Note that internally test generates version numbers as increasing small integers and then converts them to always decreasing version by doing "2^64 - increasing_version", hence the error message.

Suggested fix:
Investigation shows that the problem occurs when persistent cursor which is used 
to scan over index in backwards direction stops on infimum record of the page to which it points currently and releases all latches it has, before moving to the previous page.
At this point merge from the previous page to cursor's current one can happen
(because cursor doesn't hold latch on current or previous page). During this
merge records from the previous page are moved over infimum record and placed
before any old user records in the current page.
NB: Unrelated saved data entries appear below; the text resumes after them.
(* Let $k\ge1$ be an integer, $G=(V,E)$ a $k$-perfectly orientable graph with certifying orientation $H$, and $Q$ the polytope \[ Q=\Big\{x\in[0,1]^V:\ x_v+\sum_{u\in N^+_H(v)}x_u\le k\ \text{ for all } v\in V\Big\}. \] For each $b\in[0,1]$: there is a deterministic, oblivious, monotone $(b/k,\,1-b)$-balanced contention resolution scheme for $Q$ (with respect to the independent sets of $G$), and there is a randomized monotone $(b/k,\,e^{-b})$-balanced contention resolution scheme for $Q$.
   Context: $\mathcal{I}$ denotes the family of independent sets of $G$; $\alpha(G')$ is the maximum size of an independent set of a graph $G'$. $G$ is $k$-perfectly orientable if there is an orientation $H=(V,A)$ of $G$ with $\alpha(G[N^+_H(v)])\le k$ for all $v$, where $N^+_H(v)=\{u:(v,u)\in A\}$. For $x\in[0,1]^V$, $R(x)$ denotes a random subset of $V$ containing each $v$ independently with probability $x_v$, and $\mathrm{support}(x)=\{v:x_v>0\}$; for $b\in[0,1]$, $bQ=\{bx:x\in Q\}$. For $b,c\in[0,1]$, a $(b,c)$-balanced contention resolution (CR) scheme $\pi$ for $Q$ is a procedure that for every $x\in bQ$ and $A\subseteq V$ returns a (possibly random) set $\pi_x(A)\subseteq A\cap\mathrm{support}(x)$ such that (i) $\pi_x(A)\in\mathcal{I}$ with probability 1 for all $A\subseteq V$, $x\in bQ$, and (ii) for all $x\in bQ$ and all $i\in\mathrm{support}(x)$, $\Pr[i\in\pi_x(R(x))\mid i\in R(x)]\ge c$. The scheme is monotone if $\Pr[i\in\pi_x(A_1)]\ge\Pr[i\in\pi_x(A_2)]$ whenever $i\in A_1\subseteq A_2$; deterministic if $\pi$ is a deterministic algorithm; oblivious if it is deterministic and $\pi_x(A)=\pi_y(A)$ for all $x,y,A$. *)

From HB Require Import structures.
From mathcomp Require Import all_boot all_order all_algebra.
From mathcomp Require Import reals sequences exp.
Set Implicit Arguments. Unset Strict Implicit. Unset Printing Implicit Defensive.
Import Order.TTheory GRing.Theory Num.Theory.
Local Open Scope ring_scope.

Section Defs.
Variables (V : finType).

Definition simple_graph (e : rel V) : Prop :=
  (forall u v, e u v = e v u) /\ (forall v, ~~ e v v).

Definition orientation (e a : rel V) : Prop :=
  (forall u v, a u v -> e u v) /\ (forall u v, e u v -> a u v != a v u).

Definition independent (e : rel V) (S : {set V}) : bool :=
  [forall u in S, forall v in S, ~~ e u v].

Definition alpha_induced (e : rel V) (N : {set V}) : nat :=
  \max_(S : {set V} | (S \subset N) && independent e S) #|S|.

Definition Nout (a : rel V) (v : V) : {set V} := [set u | a v u].

Definition certifying_orientation (e a : rel V) (k : nat) : Prop :=
  orientation e a /\ forall v, (alpha_induced e (Nout a v) <= k)%N.

Variable R : realType.

Definition polyQ (a : rel V) (k : nat) (x : V -> R) : Prop :=
  (forall v, 0 <= x v <= 1) /\
  (forall v, x v + \sum_(u in Nout a v) x u <= k%:R).
Lemma size_twmul f g : (size (twmul fr f g) <= (size f + size g).-1)%N.
Proof. exact: size_poly. Qed.
End TwistedRing.

Lemma twmxE (R : nzRingType) (fr : {rmorphism R -> R}) m n l
    (F : 'M[{poly R}]_(m, n)) (G : 'M[{poly R}]_(n, l)) :
  twmx fr F G = (F : 'M[twpoly fr]_(m, n)) *m (G : 'M[twpoly fr]_(n, l)).
Proof. by apply/matrixP => i k; rewrite !mxE. Qed.

Lemma scalar_mx_central (R : pzRingType) n (a : R) (A : 'M[R]_n) :
  (forall x, a * x = x * a) -> A *m a%:M = a%:M *m A.
Proof.
move=> a_central; apply/matrixP => i j; rewrite !mxE [LHS](bigD1 j) // [RHS](bigD1 i) //=.
rewrite !mxE !eqxx !mulr1n a_central !big1 ?addr0 // => k /negbTE nk.
  by rewrite mxE eq_sym nk mulr0n mul0r.
by rewrite mxE nk mulr0n mulr0.
Qed.

Section TwistedEval.
Variables (R : nzRingType) (fr : R -> R).
Implicit Types (p : {poly R}) (x : R).

Lemma tweval_widen p x n : (size p <= n)%N ->
  tweval fr p x = \sum_(i < n) p`_i * iter i fr x.
Proof.
move=> sp; rewrite /tweval (big_ord_widen n (fun i => p`_i * iter i fr x) sp).
by rewrite big_mkcond; apply: eq_bigr => i _; case: ltnP => // ?; rewrite nth_default ?mul0r.
Qed.

Lemma twevalD p q x : tweval fr (p + q) x = tweval fr p x + tweval fr q x.
Proof.
pose n := maxn (size p) (size q).
rewrite !(@tweval_widen _ _ n) ?leq_maxl ?leq_maxr ?(leq_trans (size_polyD _ _)) //.
by rewrite -big_split; apply: eq_bigr => i _; rewrite coefD mulrDl.
Qed.

Lemma twevalZ c p x : tweval fr (c *: p) x = c * tweval fr p x.
Proof.
rewrite !(@tweval_widen _ _ (size p)) ?size_scale_leq // mulr_sumr.
by apply: eq_bigr => i _; rewrite coefZ mulrA.
Qed.

Lemma twevalN p x : tweval fr (- p) x = - tweval fr p x.
Proof. by rewrite -scaleN1r twevalZ mulN1r. Qed.

Lemma tweval0 x : tweval fr 0 x = 0.
Proof. by rewrite /tweval size_poly0 big_ord0. Qed.

Lemma tweval1 x : tweval fr 1 x = x.
Proof. by rewrite /tweval size_poly1 big_ord1 coefC mul1r. Qed.

Lemma twevalC c x : tweval fr c%:P x = c * x.
Proof. by rewrite -[c%:P]mulr1 mul_polyC twevalZ tweval1. Qed.

Lemma twmxeval0 m n (x : 'cV_n) : twmxeval fr (0 : 'M_(m, n)) x = 0.
Proof. by apply/colP => i; rewrite !mxE big1 // => j _; rewrite mxE tweval0. Qed.

Lemma twmxeval1 n (x : 'cV_n) : twmxeval fr 1%:M x = x.
Proof.
apply/colP => i; rewrite mxE (bigD1 i) //= mxE eqxx tweval1 big1 ?addr0 // => j ji.
by rewrite mxE eq_sym (negbTE ji) tweval0.
Qed.

Lemma twmxeval_col_mx m1 m2 n (A : 'M_(m1, n)) (B : 'M_(m2, n)) (x : 'cV_n) :
  twmxeval fr (col_mx A B) x = col_mx (twmxeval fr A x) (twmxeval fr B x).
Proof.
apply/colP => i; case: (split_ordP i) => k ->; rewrite ?col_mxEu ?col_mxEd !mxE.
  by apply: eq_bigr => j _; rewrite col_mxEu.
by apply: eq_bigr => j _; rewrite col_mxEd.
Qed.

Lemma twmxeval_row_mx m n1 n2 (A : 'M_(m, n1)) (B : 'M_(m, n2)) u v :
  twmxeval fr (row_mx A B) (col_mx u v) = twmxeval fr A u + twmxeval fr B v.
Proof.
apply/colP => i; rewrite !mxE big_split_ord /=.
by congr (_ + _); apply: eq_bigr => j _; rewrite ?row_mxEl ?row_mxEr ?col_mxEu ?col_mxEd.
Qed.

Lemma twmxeval_block_mx m1 m2 n1 n2 (A : 'M_(m1, n1)) (B : 'M_(m1, n2))
    (C : 'M_(m2, n1)) (D : 'M_(m2, n2)) u v :
  twmxeval fr (block_mx A B C D) (col_mx u v) =
  col_mx (twmxeval fr A u + twmxeval fr B v) (twmxeval fr C u + twmxeval fr D v).
Proof. by rewrite block_mxEv twmxeval_col_mx !twmxeval_row_mx. Qed.
End TwistedEval.

Lemma usubmx_twmxeval (R : nzRingType) (fr : R -> R) m1 m2 n1 n2
    (A : 'M_(m1 + m2, n1 + n2)) y :
  usubmx (twmxeval fr A y) =
  twmxeval fr (ulsubmx A) (usubmx y) + twmxeval fr (ursubmx A) (dsubmx y).
Proof. by rewrite -{1}[A]submxK -{1}[y]vsubmxK twmxeval_block_mx col_mxKu. Qed.

Lemma dsubmx_twmxeval (R : nzRingType) (fr : R -> R) m1 m2 n1 n2
    (A : 'M_(m1 + m2, n1 + n2)) y :
  dsubmx (twmxeval fr A y) =
  twmxeval fr (dlsubmx A) (usubmx y) + twmxeval fr (drsubmx A) (dsubmx y).
Proof. by rewrite -{1}[A]submxK -{1}[y]vsubmxK twmxeval_block_mx col_mxKd. Qed.

Lemma scalar_mx1_eq0 (R : nzRingType) (a : R) : (a%:M : 'M_1) = 0 <-> a = 0.
Proof. by split=> [/matrixP/(_ 0 0)|->]; rewrite ?raddf0 // !mxE mulr1n. Qed.

Lemma twmxeval0x (R : nzRingType) (fr : {rmorphism R -> R}) m n (A : 'M_(m, n)) :
  twmxeval fr A 0 = 0.
Proof.
apply/colP => i; rewrite !mxE big1 // => j _; rewrite mxE /tweval big1 // => k _.
by rewrite rmorph0 mulr0.
Qed.

Section Frobenius.
Variables (Fq : finFieldType) (K : fieldType) (iota0 : {rmorphism Fq -> K}).

Lemma qq_pchar_nat : [pchar K].-nat (qq Fq).
Proof.
have /is_abelemP[p p_pr /abelem_pgroup] := finField_is_abelem Fq.
rewrite /pgroup cardsT => /p_natP[n qE].
by rewrite /qq qE pnatX pnatE // (fmorph_pchar iota0) (card_finPcharP qE p_pr).
Qed.

Lemma frobq_zmod_morphism : zmod_morphism (@frobq Fq K).
Proof.
move=> x y; rewrite /frobq.
by have := exprDn_pchar (x - y) y qq_pchar_nat; rewrite subrK => ->; rewrite addrK.
Qed.

Lemma frobq_monoid_morphism : monoid_morphism (@frobq Fq K).
Proof. by split=> [|x y]; rewrite /frobq ?expr1n ?exprMn. Qed.

HB.instance Definition _ :=
  GRing.isZmodMorphism.Build K K (@frobq Fq K) frobq_zmod_morphism.
HB.instance Definition _ :=
  GRing.isMonoidMorphism.Build K K (@frobq Fq K) frobq_monoid_morphism.

Definition frobR : {rmorphism K -> K} := @frobq Fq K.

Lemma iter_frobq_iota n c : iter n frobR (iota0 c) = iota0 c.
Proof.
by elim: n => //= n ->; rewrite /frobR /= /frobq -rmorphXn /qq expf_card.
Qed.
End Frobenius.

Section Derivations.
Variables (Fq : finFieldType) (K : fieldType) (iota0 : {rmorphism Fq -> K}).
Variables phit psit : {poly K}.
Local Notation tau := (frobR iota0).
Local Notation T := (twpoly tau).

Definition iota_tw (c : Fq) : T := (iota0 c)%:P.

Lemma iota_tw_zmod_morphism : zmod_morphism iota_tw.
Proof. by move=> x y; rewrite /iota_tw rmorphB polyCB. Qed.

Lemma iota_tw_monoid_morphism : monoid_morphism iota_tw.
Proof.
split=> [|x y]; first by rewrite /iota_tw rmorph1.
by rewrite /iota_tw -[RHS]/(twmul tau _ _) twmul_polyC scale_polyC rmorphM.
Qed.

HB.instance Definition _ :=
  GRing.isZmodMorphism.Build Fq T iota_tw iota_tw_zmod_morphism.
HB.instance Definition _ :=
  GRing.isMonoidMorphism.Build Fq T iota_tw iota_tw_monoid_morphism.

Lemma iota_tw_comm (u : T) : commr_rmorph iota_tw u.
Proof.
move=> c; apply/polyP => k; rewrite -[_ * _]/(twmul tau _ _) -[iota_tw c * _]/(twmul tau _ _).
by rewrite twmul_polyC coefZ coef_twmulC iter_frobq_iota mulrC.
Qed.

Lemma dmE (f : {poly K}) a : dm iota0 f a = horner_morph (iota_tw_comm f) a.
Proof.
rewrite /horner_morph horner_coef size_map_inj_poly ?rmorph0 //; last first.
  by move=> x y /polyC_inj /fmorph_inj.
apply: eq_bigr => i _; rewrite coef_map /=.
rewrite -[_ * _]/(twmul tau _ _) twmul_polyC; congr (_ *: _).
by elim: (val i) => [|n IH]; rewrite ?expr0 // exprS -IH.
Qed.

Lemma dmX (f : {poly K}) : dm iota0 f 'X = f.
Proof. by rewrite dmE horner_morphX. Qed.

Definition der_mx (D : T) : 'M[T]_2 :=
  \matrix_(i, j) if i == 0 then (if j == 0 then psit : T else D)
                 else (if j == 0 then 0 else phit).

Definition iota_mx (c : Fq) : 'M[T]_2 := (iota_tw c)%:M.

Lemma iota_mx_zmod_morphism : zmod_morphism iota_mx.
Proof. by move=> x y; rewrite /iota_mx rmorphB raddfB. Qed.

Lemma iota_mx_monoid_morphism : monoid_morphism iota_mx.
Proof. by split=> [|x y]; rewrite /iota_mx ?rmorph1 // rmorphM scalar_mxM. Qed.

HB.instance Definition _ :=
  GRing.isZmodMorphism.Build Fq 'M[T]_2 iota_mx iota_mx_zmod_morphism.
HB.instance Definition _ :=
  GRing.isMonoidMorphism.Build Fq 'M[T]_2 iota_mx iota_mx_monoid_morphism.

Lemma iota_mx_comm (A : 'M[T]_2) : commr_rmorph iota_mx A.
Proof. by move=> c; rewrite /GRing.comm -!mulmxE scalar_mx_central // => x; apply/esym/iota_tw_comm. Qed.

Definition tder (D : T) (a : {poly Fq}) : {poly K} :=
  horner_morph (iota_mx_comm (der_mx D)) a 0 1.

Lemma mx2_mulE (A B : 'M[T]_2) i j : (A * B) i j = A i 0 * B 0 j + A i 1 * B 1 j.
Proof.
rewrite -mulmxE mxE !big_ord_recl big_ord0 addr0.
by rewrite (_ : lift 0 0 = 1 :> 'I_2) //; apply: val_inj.
Qed.

Lemma horner_der_mx D a : let H := horner_morph (iota_mx_comm (der_mx D)) a in
  [/\ H 0 0 = dm iota0 psit a, H 1 0 = 0 & H 1 1 = dm iota0 phit a].
Proof.
rewrite /= !dmE; elim/poly_ind: a => [|p c [H00 H10 H11]].
  by rewrite !rmorph0; split; rewrite mxE.
rewrite !rmorphD !rmorphM /= !horner_morphX !horner_morphC.
by split; rewrite mxE mx2_mulE ?H00 ?H10 ?H11 !mxE /= ?mulr0 ?mul0r ?addr0 ?add0r ?mulr1n.
Qed.

Lemma tder_is_der D : is_der iota0 phit psit (tder D).
Proof.
have [_ _ _] := horner_der_mx D 0.
split=> [a b|c a|a b]; rewrite /tder.
- by rewrite rmorphD mxE.
- rewrite linearZ /= -mulmxE /iota_mx mul_scalar_mx mxE.
  by rewrite -[_ * _]/(twmul tau _ _) twmul_polyC.
- by rewrite rmorphM mx2_mulE; case: (horner_der_mx D a) => -> _ _; case: (horner_der_mx D b) => _ _ ->.
Qed.

Lemma tderX D : tder D 'X = D.
Proof. by rewrite /tder horner_morphX mxE. Qed.

Lemma der_eq d1 d2 : is_der iota0 phit psit d1 -> is_der iota0 phit psit d2 ->
  d1 'X = d2 'X -> d1 =1 d2.
Proof.
have derC d c : is_der iota0 phit psit d -> d c%:P = 0.
  move=> [_ dZ dM]; have d1_0 : d 1 = 0.
    have := dM 1 1; rewrite [1 * 1]mulr1 !dmE !rmorph1.
    rewrite -![taumul _ _ _]/(_ * _ : T) mul1r mulr1 => /eqP.
    by rewrite -subr_eq0 opprD addrA subrr sub0r oppr_eq0 => /eqP.
  by rewrite -[c%:P]mulr1 mul_polyC dZ d1_0 scaler0.
move=> der1 der2 eqX; elim/poly_ind => [|p c IH]; first by rewrite -[0]/(0%:P) !derC.
case: (der1) (der2) => [dD1 _ dM1] [dD2 _ dM2].
by rewrite dD1 dD2 dM1 dM2 IH eqX !derC.
Qed.

Definition inner_der (U : T) (a : {poly Fq}) : {poly K} :=
  U * (dm iota0 phit a : T) - (dm iota0 psit a : T) * U.

Lemma inner_der_is_der U : is_der iota0 phit psit (inner_der U).
Proof.
split=> [a b|c a|a b]; rewrite /inner_der !dmE.
- by rewrite !rmorphD mulrDr mulrDl opprD addrACA.
- rewrite !linearZ /= -(twmul_polyC tau) -[twmul _ _ _]/(iota_tw c * _ : T).
  by rewrite mulrBr !mulrA (iota_tw_comm U c).
- rewrite -![taumul _ _ _]/(_ * _ : T) !rmorphM.
  by rewrite mulrBr mulrBl !mulrA [RHS]addrC addrA subrK.
Qed.

Lemma is_inner_derE delta : is_der iota0 phit psit delta ->
  is_inner_der iota0 phit psit delta <->
  exists U : T, delta 'X = U * (phit : T) - (psit : T) * U.
Proof.
move=> der_delta; split=> [[U dU]|[U dU]]; exists U; first by rewrite dU !dmX.
by apply: der_eq => //; [exact: inner_der_is_der | rewrite /inner_der !dmX].
Qed.
End Derivations.

Section NormalForm.
Variables (Fq : finFieldType) (K : fieldType) (iota0 : {rmorphism Fq -> K}).
Variable qroot : K -> K.
Hypotheses (qrootK : cancel qroot (@frobq Fq K)) (frobqK : cancel (@frobq Fq K) qroot).
Variables (theta : K) (phit psit : {poly K}).
Hypothesis rank_lt : (drank phit < drank psit)%N.

Local Notation tau := (frobR iota0).
Local Notation T := (twpoly tau).
Local Notation s := (drank psit).
Local Notation b := psit`_s.
Implicit Types (D N U : T) (P Q : {poly {poly K}}).


Lemma qroot_zmod_morphism : zmod_morphism qroot.
Proof.
move=> x y; apply: (can_inj frobqK).
by rewrite -[RHS]/(tau _) rmorphB /= !qrootK.
Qed.

Lemma qroot_monoid_morphism : monoid_morphism qroot.
Proof.
split=> [|x y]; first by rewrite -[in LHS](rmorph1 tau) frobqK.
by apply: (can_inj frobqK); rewrite -[RHS]/(tau _) rmorphM /= !qrootK.
Qed.

HB.instance Definition _ := GRing.isZmodMorphism.Build K K qroot qroot_zmod_morphism.
HB.instance Definition _ := GRing.isMonoidMorphism.Build K K qroot qroot_monoid_morphism.
Definition qR : {rmorphism K -> K} := qroot.

Lemma iter_frobqK n : cancel (iter n qroot) (iter n tau).
Proof. by elim: n => // n IH x; rewrite iterSr iterS [tau _]qrootK IH. Qed.

Lemma iter_qrootK n : cancel (iter n tau) (iter n qroot).
Proof. by elim: n => // n IH x; rewrite iterSr iterS [qroot _]frobqK IH. Qed.

Lemma iter_frobq_qroot k m x : (m <= k)%N ->
  iter k tau (iter (k - m) qroot x) = iter m tau x.
Proof. by move=> mk; rewrite -{1}(subnKC mk) iterD iter_frobqK. Qed.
When later our persistent
cursor resumes its iteration it might use optimistic approach to cursor
restoration which won't detect this kind of page update and resumes the
iteration right from infimum record, effectively skipping the moved records.

One possible approach to solve this problem is to increase modify_clock counter for the page being merged into in this case to ensure that pessimistic approach to cursor restoration, which is not affected by this problem, is used in this case.
[6 Mar 16:23] Dmitry Lenev
Non-deterministic test case showing the problem.

Attachment: innodb_backward_scan_conc_merge.test (application/octet-stream, text), 3.13 KiB.

[6 Mar 16:24] Dmitry Lenev
Result file for test case.

Attachment: innodb_backward_scan_conc_merge.result (application/octet-stream, text), 2.57 KiB.

[6 Mar 16:29] MySQL Verification Team
Hello Dmitry,

Thank you for the report and testcase.

[7 Mar 13:55] Dmitry Lenev
Minimal tentative fix for the problem.

(*) I confirm the code being submitted is offered under the terms of the OCA, and that I am authorized to contribute it.

Contribution: ps-9092-bug114248-contrib.patch (text/x-patch), 11.30 KiB.

[7 Mar 13:57] Dmitry Lenev

I have submitted patch implementing the idea from "Suggested fix" section for Oracle MySQL Team consideration. The patch is pretty minimal and only tries to address issue we have observed, so it is probably worth to investigate if there are any other similar issues/alternative approaches to the fix.
[7 Mar 14:05] MySQL Verification Team
Thank you, Dmitry for the contribution.